The object to be inspected 2 pushed out in the direction of arrow B is regulated by the stopper 10 and conveyed in the direction of arrow A.
A soft material such as rubber is used for a contact portion of the stopper 10 with the inspection object 2 to prevent the inspection object 2 from being damaged by an impact force.

The striking sound is taken in by a microphone 6 provided above the striking position of the object to be inspected 2 and the hammer 5, and the vibration of the striking sound is converted into a voltage, which is increased to an appropriate voltage value by the amplifier 11. Width. The microphone 6 preferably has a constant sensitivity characteristic in a wide frequency range.

The amplified signal is displayed by the oscilloscope 12 in voltage / time. Figure 3 shows the voltage / time characteristics of a non-defective non-defective product, and Figure 4 shows the voltage / defective product with cracks.
Although the time characteristics are shown, the waveform of the defective sintered body having defects such as cracks has a larger attenuation on the time axis than the waveform of the non-defective sintered body having no defects. Utilizing this phenomenon, the arithmetic unit 13 performs the following processing.

For the object to be inspected, which is judged to be non-defective by a sensory test or ultrasonic flaw detection, the voltage peak shown in FIG.
From the peak value H ₀ and the peak value, the voltage value H ₁ after a lapse of T ₀ time is used to determine the attenuation α ₁ of the non-defective product.

[0012]

Attenuation degree α of the inspection object judged to be N non-defective products
The average value of ₁ is multiplied by a coefficient K in consideration of variations to obtain the reference attenuation α ₀ .

[0014]

The reference attenuation degree α ₀ is stored in the arithmetic unit 13, and the attenuation degree α of the inspection object 2 is obtained.

[0016]

The reference attenuation α ₀ and the attenuation α of the inspection object 2 are compared, and if the attenuation α is smaller than the reference α _0, it is judged as a non-defective product and an operation signal is sent to the discharge pusher 7. When the inspection object 2 is detected by the position detection sensor 9, the discharge pusher 7 operates, is transferred to the discharge conveyor 8 and is conveyed in the C direction, and the posture of the inspection object 2 is regulated by the guide 15. , Sent to the next step.

If the attenuation α is larger than the reference attenuation α _0, it is judged as a defective product, and the inspection object 2 is conveyed in the A direction,
Drop it into the defective box 14.

[0019]

[Effect of Name] As described above, according to the present invention, high reliability can be obtained in the defect detection of the C-shaped sintered body, the accuracy of the quality inspection can be improved, and the defect detection can be automated.

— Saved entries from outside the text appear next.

(* Let $A\in M_2(\mathbb{Z})$ be an expanding matrix with $|\det(A)|=3$, let $k\in\mathbb{Z}\setminus\{0\}$, and let $v\in\mathbb{R}^2$ be such that $\{v,Av\}$ is linearly independent. Let $\mathcal{D}=\{0,v,kAv\}$. Then the self-affine set $T(A,\mathcal{D})$ is connected if and only if $k=\pm1$.
   Context: A real square matrix is expanding if all its eigenvalues have modulus strictly larger than $1$. For an expanding matrix $A\in M_n(\mathbb{Z})$ and a finite set $\mathcal{D}\subset\mathbb{R}^n$ with $|\mathcal D|=|\det A|$, the self-affine set $T(A,\mathcal{D})$ is the unique nonempty compact set $T$ with $AT=T+\mathcal{D}$; equivalently $T=\{\sum_{i=1}^\infty A^{-i}d_{j_i}: d_{j_i}\in\mathcal{D}\}$. *)

From Stdlib Require Import Reals Lra ZArith List.
Open Scope R_scope.

Definition pt : Type := (R * R)%type.

Definition padd (p q : pt) : pt := (fst p + fst q, snd p + snd q).
Definition pscale (r : R) (p : pt) : pt := (r * fst p, r * snd p).
Definition pzero : pt := (0, 0).

Record mat2Z := Mat2Z { m11 : Z; m12 : Z; m21 : Z; m22 : Z }.

Definition detZ (A : mat2Z) : Z := (m11 A * m22 A - m12 A * m21 A)%Z.

Definition mapply (A : mat2Z) (p : pt) : pt :=
  (IZR (m11 A) * fst p + IZR (m12 A) * snd p,
   IZR (m21 A) * fst p + IZR (m22 A) * snd p).

(* Action of the real inverse matrix A^{-1} on R^2 (meaningful when det A <> 0). *)
Definition minv_apply (A : mat2Z) (p : pt) : pt :=
  let dt := IZR (detZ A) in
  ((IZR (m22 A) * fst p - IZR (m12 A) * snd p) / dt,
   (- IZR (m21 A) * fst p + IZR (m11 A) * snd p) / dt).

Fixpoint minv_pow (A : mat2Z) (n : nat) (p : pt) : pt :=
  match n with
  | O => p
  | S n' => minv_apply A (minv_pow A n' p)
  end.

(* Complex numbers as pairs (re, im); complex multiplication. *)
Definition cmul (z w : R * R) : R * R :=
  (fst z * fst w - snd z * snd w, fst z * snd w + snd z * fst w).

(* lam is a (complex) eigenvalue of A: there is a nonzero w in C^2 with A w = lam w. *)
Definition is_eigenvalue (A : mat2Z) (lam : R * R) : Prop :=
  exists w1 w2 : R * R,
    (w1 <> (0, 0) \/ w2 <> (0, 0)) /\
    padd (pscale (IZR (m11 A)) w1) (pscale (IZR (m12 A)) w2) = cmul lam w1 /\
    padd (pscale (IZR (m21 A)) w1) (pscale (IZR (m22 A)) w2) = cmul lam w2.

Definition expanding (A : mat2Z) : Prop :=
  forall lam : R * R, is_eigenvalue A lam ->
    1 < sqrt (fst lam * fst lam + snd lam * snd lam).

(* Partial sums  sum_{i=1}^{n} A^{-i} d_i,  with the digit sequence indexed d 0, d 1, ...
   (d (i-1) plays the role of d_{j_i}). *)
Fixpoint partial_sum (A : mat2Z) (d : nat -> pt) (n : nat) : pt :=
  match n with
  | O => pzero
  | S n' => padd (partial_sum A d n') (minv_pow A n (d n'))
  end.

Definition self_affine_set (A : mat2Z) (D : list pt) (x : pt) : Prop :=
  exists d : nat -> pt,
    (forall i, In (d i) D) /\
    Un_cv (fun n => fst (partial_sum A d n)) (fst x) /\
    Un_cv (fun n => snd (partial_sum A d n)) (snd x).

Definition dist2 (p q : pt) : R :=
  sqrt ((fst p - fst q) * (fst p - fst q) + (snd p - snd q) * (snd p - snd q)).

Definition open2 (U : pt -> Prop) : Prop :=
  forall p, U p -> exists eps, 0 < eps /\ forall q, dist2 p q < eps -> U q.

Definition connected2 (S : pt -> Prop) : Prop :=
  ~ exists U V : pt -> Prop,
      open2 U /\ open2 V /\
      (forall p, S p -> U p \/ V p) /\
      (exists p, S p /\ U p) /\
      (exists p, S p /\ V p) /\
      (forall p, S p -> U p -> V p -> False).

Definition lin_indep2 (u w : pt) : Prop :=
  forall a b : R, padd (pscale a u) (pscale b w) = pzero -> a = 0 /\ b = 0.

(* In the basis (v, Av), A^{-1} becomes the companion
      matrix M = Mpq (-trace A) (det A) and the digits become 0, e1, k e2, so
      T(A, D) is a linear image of the attractor T(M, D_k); linear maps
      preserve connectedness (self_affine_companion).
   2. Classification.  An expanding integer matrix with |det| = 3 has
      det = 3, |trace| <= 3 or det = -3, |trace| <= 1: otherwise its
      characteristic polynomial has a real root in [-1, 1]
      (companion_classification).  This leaves ten matrices M.
   3. Each of them satisfies |M x| <= 2|x| and |M^4 x| <= |x|/2 in the sup
      norm, which gives the convergence estimates of section Contraction.
   4. For k = +-1, T is connected by a star-shaped Hata criterion
      (attractor_connected): one first-level piece meets all the others.
      Each intersection is certified by a finite closed "neighbour walk" on
      Z^2 (section Walk).
   5. For |k| >= 2, a linear functional separates the piece with first digit
      k e2 from the two others (sep_not_connected); all bounds are affine in
      |k| - 2, so one rational check covers every such k.
   6. The finitely many certificates of steps 3-5 are checked by computation
      in exact rational arithmetic (certificates_ok). *)

From Stdlib Require Import Reals Lra Lia ZArith List QArith Qreals Classical ClassicalEpsilon.
Import ListNotations.
Open Scope R_scope.
(* Let $n\ge 2$. Then $\mathrm{P}=\Gamma^{(0)}=\Gamma^{(1)}$, where $$\Gamma^{(j)}=\{T\in\mathrm{C}^\times:\ T\,\mathrm{C}^{(j)}\,T^{-1}\subseteq\mathrm{C}^{(j)}\},\quad j=0,1.$$ Explicitly, $\mathrm{P}=\mathrm{C}^{\times(0)}\cup\mathrm{C}^{\times(1)}$ if $n$ is even, and $\mathrm{P}=\mathrm{Z}^\times\,\mathrm{C}^{\times(0)}$ if $n$ is odd.
   Context: Let $\mathrm{C}$ be either the real Clifford algebra $C\ell_{p,q}$ with $p+q=n$, or the complex Clifford algebra $C\ell(\mathbb{C}^n)$. It has identity $e$ and generators $e_1,\dots,e_n$ satisfying $e_ae_b+e_be_a=2\eta_{ab}e$. In the real case $\eta=\mathrm{diag}(1,\dots,1,-1,\dots,-1)$ with $p$ entries $+1$ and $q$ entries $-1$. In the complex case $\eta=I_n$. $\mathrm{C}^k$ is the grade-$k$ subspace, spanned by the products $e_{a_1}\cdots e_{a_k}$ with $a_1<\dots<a_k$. The even subspace is $\mathrm{C}^{(0)}=\bigoplus_{k\text{ even}}\mathrm{C}^k$ and the odd subspace is $\mathrm{C}^{(1)}=\bigoplus_{k\text{ odd}}\mathrm{C}^k$. For $S\subseteq\mathrm{C}$, $S^\times$ is the set of elements of $S$ invertible in $\mathrm{C}$, and $\mathrm{C}^{\times(j)}:=(\mathrm{C}^{(j)})^\times$. $\mathrm{Z}$ is the center of $\mathrm{C}$: $\mathrm{Z}=\mathrm{C}^0$ for $n$ even and $\mathrm{Z}=\mathrm{C}^0\oplus\mathrm{C}^n$ for $n$ odd. Define $$\mathrm{P}:=\mathrm{Z}^\times(\mathrm{C}^{\times(0)}\cup\mathrm{C}^{\times(1)})=\{WT:\ W\in\mathrm{Z}^\times,\ T\in\mathrm{C}^{\times(0)}\cup\mathrm{C}^{\times(1)}\}.$$ *)

From HB Require Import structures.
From mathcomp Require Import all_boot all_order all_algebra.
From mathcomp Require Import reals.
From mathcomp Require Import complex.
Set Implicit Arguments. Unset Strict Implicit. Unset Printing Implicit Defensive.
Import Order.TTheory GRing.Theory Num.Theory.
Local Open Scope ring_scope.

Section Clifford.
Variables (K : fieldType) (n : nat) (eta : 'I_n -> K).

(* elements of the Clifford algebra: coordinates on the blades e_A *)
Definition clif := {ffun {set 'I_n} -> K}.
(* Let $M^n$ be a hypersurface isometrically immersed in an $(n+1)$-dimensional Riemannian manifold $\overline{M}^{n+1}$, with Levi-Civita connection $\nabla$ on $M$ and shape operator $A$. Let $\mu_1: M \to \mathbb{R}$ be a smooth function and let $k \geq 1$ be an integer. Then for every point $p\in M$ and every tangent vector $v \in T_pM$, $$\operatorname{tr}\left( T_{k-1}^{\infty}(\mu_1,A)\circ \nabla_v A\right) = \left\langle \nabla \sigma_k^{\infty}(\mu_1,A) - \sigma_{k-1}^{\infty}(\mu_1,A)\,\nabla \mu_1 ,\, v\right\rangle .$$
   Context: The shape operator is $AX = -(\overline{\nabla}_X N)^{\top}$, where $N$ is a unit normal field along $M$, $\overline{\nabla}$ is the Levi-Civita connection of $\overline{M}$, and $\top$ denotes orthogonal projection onto $TM$; $A$ is self-adjoint with eigenvalues (principal curvatures) $\lambda_1,\dots,\lambda_n$. For $m\ge 0$, $\sigma_m(A)=\sigma_m(\lambda_1,\dots,\lambda_n)$ is the $m$-th elementary symmetric function of the eigenvalues ($\sigma_0=1$, $\sigma_m = 0$ for $m<0$). The weighted elementary symmetric functions are $\sigma_m^{\infty}(\mu_1,A) = \sum_{j=0}^{m} \frac{\mu_1^j}{j!}\,\sigma_{m-j}(A)$ (this agrees with Case's recursive definition of $\sigma_m^\infty$), viewed as a smooth function $p\mapsto \sigma_m^{\infty}(\mu_1(p),A_p)$ on $M$, and $\nabla \sigma_m^\infty(\mu_1,A)$ denotes its gradient on $M$. The weighted Newton transformations are $T_{m}^{\infty}(\mu_1,A) = \sum_{j=0}^{m} (-1)^j \sigma_{m-j}^{\infty}(\mu_1,A)\, A^j$, equivalently $T_0^\infty = I$ and $T_m^\infty = \sigma_m^\infty(\mu_1,A) I - A T_{m-1}^\infty$ for $m\ge1$. Here $\nabla_v A$ is the covariant derivative of the $(1,1)$-tensor $A$ in direction $v$. *)

(* Local-coordinate (chart) model of M^n. *)
From HB Require Import structures.
From mathcomp Require Import all_boot all_order all_algebra.
From mathcomp Require Import all_classical all_reals all_analysis.
Set Implicit Arguments. Unset Strict Implicit. Unset Printing Implicit Defensive.
Import Order.TTheory GRing.Theory Num.Theory.
Import numFieldNormedType.Exports.
Local Open Scope classical_set_scope.
Local Open Scope ring_scope.

Section Defs.
Variables (R : realType) (n : nat).

(* Points of the chart domain and tangent vectors (coordinate components). *)
Notation V := 'cV[R]_n.

Definition coordvec (i : 'I_n) : V := delta_mx i 0.

(* sigma_m(A): m-th elementary symmetric function of the eigenvalues of A
   (with multiplicity), i.e. (-1)^m times the coefficient of X^(n-m) of the
   characteristic polynomial; sigma_m = 0 for m > n. *)
Definition sigma (m : nat) (A : 'M[R]_n) : R :=
  if (m <= n)%N then (-1) ^+ m * (char_poly A)`_(n - m) else 0.

Definition sigmaInf (m : nat) (mu : R) (A : 'M[R]_n) : R :=
  \sum_(j < m.+1) (mu ^+ j / (j`!)%:R) * sigma (m - j) A.

Definition Tinf (m : nat) (mu : R) (A : 'M[R]_n) : 'M[R]_n :=
  \sum_(j < m.+1) ((-1) ^+ j * sigmaInf (m - j) mu A) *: A ^+ j.

(* Riemannian metric g (matrix g_ij at each point).  Christoffel symbols of
   its Levi-Civita connection: Gamma k i j = Gamma^k_{ij}. *)
Definition christoffel (g : V -> 'M[R]_n) (x : V) (k i j : 'I_n) : R :=
  2^-1 * \sum_(l < n) (invmx (g x)) k l *
     ('D_(coordvec i) (fun y => g y j l) x
      + 'D_(coordvec j) (fun y => g y i l) x
      - 'D_(coordvec l) (fun y => g y i j) x).

(* Covariant derivative nabla_v A of a (1,1)-tensor field A (A x k j = A^k_j):
   (nabla_v A)^k_j = v(A^k_j) + Gamma^k_{il} v^i A^l_j - Gamma^l_{ij} v^i A^k_l *)
Definition covD (g : V -> 'M[R]_n) (A : V -> 'M[R]_n) (v : V) (x : V)
  : 'M[R]_n :=
  \matrix_(k < n, j < n)
    ('D_v (fun y => A y k j) x
     + \sum_(i < n) \sum_(l < n) christoffel g x k i l * v i 0 * A x l j
     - \sum_(i < n) \sum_(l < n) christoffel g x l i j * v i 0 * A x k l).

Definition inner (g : V -> 'M[R]_n) (x : V) (u w : V) : R :=
  (u^T *m g x *m w) 0 0.

Definition grad (g : V -> 'M[R]_n) (f : V -> R) (x : V) : V :=
  invmx (g x) *m \col_(l < n) 'D_(coordvec l) f x.

End Defs.

From HB Require Import structures.
From mathcomp Require Import all_boot all_order all_algebra.
From mathcomp Require Import all_classical all_reals all_analysis.
From mathcomp Require Import perm ring zify.
Import Order.TTheory GRing.Theory Num.Theory.
Import numFieldNormedType.Exports.
Local Open Scope classical_set_scope.
Local Open Scope ring_scope.

Set Implicit Arguments. Unset Strict Implicit. Unset Printing Implicit Defensive.

(* Differentiating the characteristic polynomial of A coefficientwise gives
   Jacobi's formula d(char_poly A) = -tr(adj(X - A) dA), and the adjugate
   of X - A is sum_m X^(n-1-m) (-1)^m T_m(A) with T_m the classical Newton
   transformations (the sum telescopes against X - A; Cayley-Hamilton makes
   T_n(A) vanish).  Hence d sigma_(m+1)(A) = tr(T_m(A) dA).  Weighting by
   mu^j/j!, the derivative of mu^j/j! shifts the index by one, so
   d sigma_(k+1)^oo = sigma_k^oo dmu + tr(T_k^oo dA).  Finally the covariant
   derivative differs from the coordinate derivative dA by a commutator with
   the connection matrix, which is trace-orthogonal to T_k^oo (a polynomial
   in A), and <grad f, v> = df(v). *)

Lemma sum_triangle_exchange (V : nmodType) m (F : nat -> nat -> V) :
  \sum_(i < m.+1) \sum_(j < (m - i).+1) F i j =
  \sum_(j < m.+1) \sum_(i < (m - j).+1) F i j.
Proof.
have square (G : nat -> nat -> V) : \sum_(i < m.+1) \sum_(j < (m - i).+1) G i j =
    \sum_(i < m.+1) \sum_(j < m.+1) (if (i + j <= m)%N then G i j else 0).
  apply: eq_bigr => i _; rewrite (big_ord_widen m.+1 (G i)) ?ltnS ?leq_subr //.
  rewrite big_mkcond; apply: eq_bigr => j _; have := ltn_ord i.
  by case: (ltnP j (m - i).+1); case: (leqP (i + j) m) => //; lia.
rewrite square exchange_big /= (square (fun j i => F i j)).
by apply: eq_bigr => j _; apply: eq_bigr => i _; rewrite addnC.
Qed.

Section NewtonTransformation.
Variables (R : realType) (n : nat).
Implicit Types (M : 'M[R]_n).

Definition newton m M : 'M[R]_n :=
  \sum_(i < m.+1) ((-1) ^+ i * sigma (m - i) M) *: M ^+ i.

Lemma char_poly_coef_n M : (char_poly M)`_n = 1.
Proof.
by have /monicP := char_poly_monic M; rewrite lead_coefE size_char_poly.
Qed.

Lemma sigma0 M : sigma 0 M = 1.
Proof. by rewrite /sigma leq0n expr0 mul1r subn0 char_poly_coef_n. Qed.

Lemma sigma_eq0 m M : (n < m)%N -> sigma m M = 0.
Proof. by rewrite /sigma ltnNge => /negbTE ->. Qed.

Lemma newton0 M : newton 0 M = 1%:M.
Proof.
by rewrite /newton big_ord_recl big_ord0 addr0 mul1r subn0 sigma0 scale1r.
Qed.

Lemma newtonS m M : newton m.+1 M = sigma m.+1 M *: 1%:M - M *m newton m M.
Proof.
rewrite /newton big_ord_recl expr0 mul1r subn0; congr (_ + _).
rewrite mulmx_sumr -sumrN; apply: eq_bigr => i _.
by rewrite lift0 subSS exprS mulN1r mulNr scaleNr -scalemxAr mulmxE -exprS.
Qed.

[Brief description of drawings]

FIG. 1 is an explanatory diagram of an embodiment of the present invention.

FIG. 2 is an explanatory view of an object to be inspected and a hit state according to the present invention.

FIG. 3 is a diagram showing voltage / time waveforms of non-defective non-defective products.

FIG. 4 is a diagram showing a voltage / time waveform in which a crack exists.

[Explanation of symbols]

 1 Conveyor 2 Inspected Object 3 Guide 4 Position Detection Sensor 5 Impact Hammer 6 Microphone 7 Discharge Pusher 8 Discharge Conveyor 9 Position Detection Sensor 10 Stopper 11 Amplifier 12 Oscilloscope 13 Arithmetic Unit 14 Defective Box 15 Guide

Claims (1)

[Claims] 1. A conveyor for conveying an object to be inspected, a hammer for giving an impact from the side of the object to be inspected, a positioning guide for regulating an impact position of the object to be inspected, a microphone for detecting an impact sound, and a microphone. C-shaped configuration consisting of a device for increasing the output of the sound and converting it into an acoustic waveform, a computing device for obtaining the attenuation of the acoustic waveform and comparing it with the reference attenuation, and a device for separating good and defective products from the inspection. Sintered body defect detection device.